How to set checkpoints in the MapReduce Jobs - 6.2

Talend Data Fabric Studio User Guide

EnrichVersion
6.2
EnrichProdName
Talend Data Fabric
task
Data Quality and Preparation
Design and Development
EnrichPlatform
Talend Studio

You can set checkpoints in a MapReduce Job to restart, in case of failure of Job execution, this Job from the last checkpoint previous to the error instead of from the beginning. This feature is typically useful when your Job is huge with multiple execution steps.

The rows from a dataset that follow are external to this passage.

Lemma legal_run_white_hops L c v k : 1 <= v -> v + 2 * Z.of_nat k <= L -> c v = Vac ->
  (forall i, 0 <= i < Z.of_nat k -> c (v + 2 * i + 1) = Bk /\ c (v + 2 * i + 2) = Wt) ->
  legal_run L c (progression (v + 2) 2 k) (after_white_hops c v (Z.of_nat k)).
Proof.
  revert v c; induction k as [|k IH]; intros v c Hv HvL Hcv Hpat.
  - replace (after_white_hops c v (Z.of_nat 0)) with c; [constructor|].
    apply functional_extensionality; intros p. unfold after_white_hops.
    change (Z.of_nat 0) with 0. rewrite Z.mul_0_r, Z.add_0_r. case_cmp; subst; congruence.
  - rewrite Nat2Z.inj_succ in *. cbn [progression].
    destruct (Hpat 0) as [Hb Hw]; [lia|]. rewrite Z.mul_0_r, Z.add_0_r in Hb, Hw.
    apply run_cons with (swap c v (v + 2)).
    + apply legal_move_intro; try lia; try congruence. right. split; [lia|].
      rewrite <- (Z.div_unique_exact _ 2 (v + 1)) by lia. congruence.
    + replace (after_white_hops c v (Z.succ (Z.of_nat k)))
        with (after_white_hops (swap c v (v + 2)) (v + 2) (Z.of_nat k)).
      * apply IH; try lia.
        -- unfold swap. case_cmp. assumption.
        -- intros i Hi. destruct (Hpat (i + 1)) as [Hb' Hw']; [lia|].
           unfold swap. case_cmp. split; [rewrite <- Hb' | rewrite <- Hw']; f_equal; lia.
      * apply functional_extensionality; intros p. unfold after_white_hops, swap.
        case_cmp; subst; try congruence;
          try (replace p with (v + 1) by lia; rewrite Hb); solve_parity.
Qed.

Definition after_black_hops (c : config) (v k : Z) : config := fun p =>
  if (v - 2 * k <? p) && (p <=? v) then (if Z.even (v - p) then Bk else Wt)
  else if p =? v - 2 * k then Vac else c p.
Lemma cover_row a x y L : x \in L -> covers a x y L ->
  forall w, x <= w -> w <= y -> a x w != 0 -> w \in L.
Proof.
move=> hx hL w h1 h2 h3; have [<-//|hne] := eqVneq x w.
have hlt : x < w by rewrite lt_neqAle hne h1.
by case/andP: (hL x w (lexx x) hlt h2 h3).
Qed.

Lemma cover_col a x y L : y \in L -> covers a x y L ->
  forall z, x <= z -> z <= y -> a z y != 0 -> z \in L.
Proof.
move=> hy hL z h1 h2 h3; have [->//|hne] := eqVneq z y.
have hlt : z < y by rewrite lt_neqAle hne h2.
by case/andP: (hL z y h1 hlt (lexx y) h3).
Qed.

Lemma conv_out a b x y : ~~ (x <= y) -> conv a b x y = 0.
Proof.
move=> h; rewrite /conv -[RHS](@fsum0 K d P); congr fsum; apply/funext => z.
by case: (boolP (_ && _)) => // /andP[h1 h2]; move: h; rewrite (le_trans h1 h2).
Qed.

Lemma conv_local a a' b b' x y :
  (forall z, x <= z -> z <= y -> a x z = a' x z) ->
  (forall z, x <= z -> z <= y -> b z y = b' z y) ->
  conv a b x y = conv a' b' x y.
Proof.
move=> h1 h2; rewrite /conv; congr fsum; apply/funext => z.
by case: (boolP (_ && _)) => // /andP[l1 l2]; rewrite h1 ?h2.
Qed.

Lemma conv_diag a b x : conv a b x x = a x x * b x x.
Proof.
rewrite /conv (@fsumE _ _ _ _ [:: x]) /= ?big_seq1 ?lexx // => z.
by case: (boolP (_ && _)) => [hz _|]; rewrite ?eqxx // inE eq_le andbC.
Qed.
Lemma tight_pairs_one_sided :
  (forall p q, (1 <= p)%nat -> (p < q)%nat -> (q <= n)%nat -> S (p, q) -> ind p * ind q = 0) \/
  (forall p q, (1 <= p)%nat -> (p < q)%nat -> (q <= n)%nat -> S (p, q) -> ind p + ind q - 1 = ind p * ind q).
Proof.
  destruct (classic (exists p q, (1 <= p)%nat /\ (p < q)%nat /\ (q <= n)%nat /\ S (p, q) /\
                                 ind p * ind q <> 0)) as [[p1 [q1 [Hp1 [Hpq1 [Hq1 [HS1 Hin1]]]]]]|Hnone].
  - right. intros p2 q2 Hp2 Hpq2 Hq2 HS2.
    apply S_tight in HS1; [|lia..]. apply S_tight in HS2; [|lia..].
    pose proof (w_le p1 p2 ltac:(lia) ltac:(lia)) as Hp12.
    pose proof (w_le q1 q2 ltac:(lia) ltac:(lia)) as Hq12.
    interval_cases a b p1; interval_cases a b q1; interval_cases a b p2; interval_cases a b q2;
      try lra.
    specialize (Hp12 ltac:(lia)). specialize (Hq12 ltac:(lia)). lra.
  - left. intros p q Hp Hpq Hq HS. apply NNPP. intro. apply Hnone. exists p, q. auto.
Qed.

End TightPairs.

Definition tight_set n (h : nat * nat -> R) (c : nat -> R) (c0 : R) : nat * nat -> Prop :=
  fun J => is_pair n J /\ c (fst J) + c (snd J) + c0 = h J.

Lemma is_cell_tight_set n h c c0 J0 :
  is_pair n J0 -> c (fst J0) + c (snd J0) + c0 = h J0 ->
  (forall J, is_pair n J -> c (fst J) + c (snd J) + c0 <= h J) ->
  is_cell n h (tight_set n h c c0).
Proof.
  intros HJ0 Htight Hle. split; [exists J0; split; [|split]; assumption|split].
  - intros J [HJ _]. exact HJ.
  - exists c, c0. intros J HJ. split; [exact (Hle J HJ)|].
    unfold tight_set. tauto.
Qed.

Lemma maximal_cell_of_cover n h A B :
  is_cell n h A -> (exists J, A J /\ ~ B J) ->
  (forall S, is_cell n h S -> (forall J, S J -> A J) \/ (forall J, S J -> B J)) ->
  maximal_cell n h A.
Proof.
  intros HA [J0 [HAJ0 HBJ0]] Hcover. split; [exact HA|].
  intros S' HS' HAS'. destruct (Hcover S' HS') as [HS'A|HS'B].
  - intros J _. split; auto.
  - exfalso. apply HBJ0, HS'B, HAS', HAJ0.
Qed.

Lemma split_positroidal_of_cover n h A B :
  positroidal_subdivision n h -> is_cell n h A -> is_cell n h B ->
  (exists J, A J /\ ~ B J) -> (exists J, B J /\ ~ A J) ->
  (forall S, is_cell n h S -> (forall J, S J -> A J) \/ (forall J, S J -> B J)) ->
  split_positroidal_subdivision n h.
Proof.
  intros Hpos HA HB HAB HBA Hcover.
  assert (Hcover' : forall S, is_cell n h S -> (forall J, S J -> B J) \/ (forall J, S J -> A J))
    by (intros S HS; apply or_comm, Hcover, HS).
  split; [exact Hpos|]. exists A, B.
  split; [exact (maximal_cell_of_cover n h A B HA HAB Hcover)|].
  split; [exact (maximal_cell_of_cover n h B A HB HBA Hcover')|].
  split.
  - destruct HAB as [J [HAJ HBJ]]. intro Hsame.
    apply HBJ, (Hsame J); [apply HA, HAJ | exact HAJ].
  - intros S [HS Hmax]. destruct (Hcover S HS) as [HSA|HSB]; [left|right]; apply Hmax; assumption.
Qed.

Section IntervalHeights.

Variables (n a b : nat) (h : nat * nat -> R).
Hypotheses (Ha : (1 <= a)%nat) (Hab : (a + 2 <= b)%nat) (Hbn : (b <= n)%nat).

Notation ind := (interval_ind a b).

Hypothesis h_eq : forall J, is_pair n J -> h J = ind (fst J) * ind (snd J).

Lemma cell_potential S : is_cell n h S ->
  exists w : nat -> R,
    (forall k l, (1 <= k <= n)%nat -> (1 <= l <= n)%nat -> k <> l -> w k + w l <= ind k * ind l) /\
    (forall p q, (1 <= p)%nat -> (p < q)%nat -> (q <= n)%nat -> (S (p, q) <-> w p + w q = ind p * ind q)).
Proof.
  intros [_ [_ [c [c0 Hc]]]]. exists (fun k => c k + c0 / 2).
  assert (Hpair : forall p q, (1 <= p)%nat -> (p < q)%nat -> (q <= n)%nat ->
            c p + c q + c0 <= ind p * ind q /\ (S (p, q) <-> c p + c q + c0 = ind p * ind q)).
  { intros p q Hp Hpq Hq. assert (HJ : is_pair n (p, q)) by (unfold is_pair; simpl; lia).
    pose proof (Hc (p, q) HJ) as Hcell. rewrite (h_eq (p, q) HJ) in Hcell. exact Hcell. }
  split.
  - intros k l Hk Hl Hkl. destruct (proj1 (Nat.lt_gt_cases k l) Hkl) as [Hlt|Hlt].
    + pose proof (proj1 (Hpair k l ltac:(lia) Hlt ltac:(lia))). lra.
    + pose proof (proj1 (Hpair l k ltac:(lia) Hlt ltac:(lia))). rewrite Rmult_comm. lra.
  - intros p q Hp Hpq Hq. rewrite (proj2 (Hpair p q Hp Hpq Hq)). split; intro; lra.
Qed.

Let lower_cell := tight_set n h (fun _ => 0) 0.
Let upper_cell := tight_set n h ind (-1).

Lemma is_cell_lower : is_cell n h lower_cell.
Proof.
  apply (is_cell_tight_set n h _ _ (1%nat, 2%nat)); [unfold is_pair; simpl; lia | |].
  - rewrite h_eq by (unfold is_pair; simpl; lia). simpl.
    interval_cases a b 1%nat; [lia|]. lra.
  - intros J HJ. rewrite h_eq by exact HJ. interval_cases a b (fst J); interval_cases a b (snd J); lra.
Qed.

The following image presents an example of the checkpoint set on a MapReduce Job in the Studio.

In this example, a checkpoint (visually as a icon) is set up between the two Subjobs and in case of execution error, you can use Talend Administration Center to restart the Job from this checkpoint.

Note that a checkpoint can be placed only on the Trigger link between Subjobs of your Job and this Job must be hosted in a remote project from Talend Administration Center.

To define a checkpoint in a Job containing Subjobs, proceed as follows:

  1. Click the OnSubjobOk link between the Subjobs you want to set the checkpoint for.

    The configuration tab of this link is displayed in the Component view.

  2. Click the Error recovery tab to open its view.

  3. Select the Recovery checkpoint check box and enter the metadata of this checkpoint in the Label and the Failure instructions fields.

    If the Recovery checkpoint check box is grey, that is to say, cannot be selected, check and ensure that the Job you are using is properly hosted in a remote project.

For further information about setting the checkpoints in the Studio, see How to recover Job execution in case of failure.

You need Talend Administration Center to use the checkpoints you have set. For further information, see Talend Administration Center User Guide.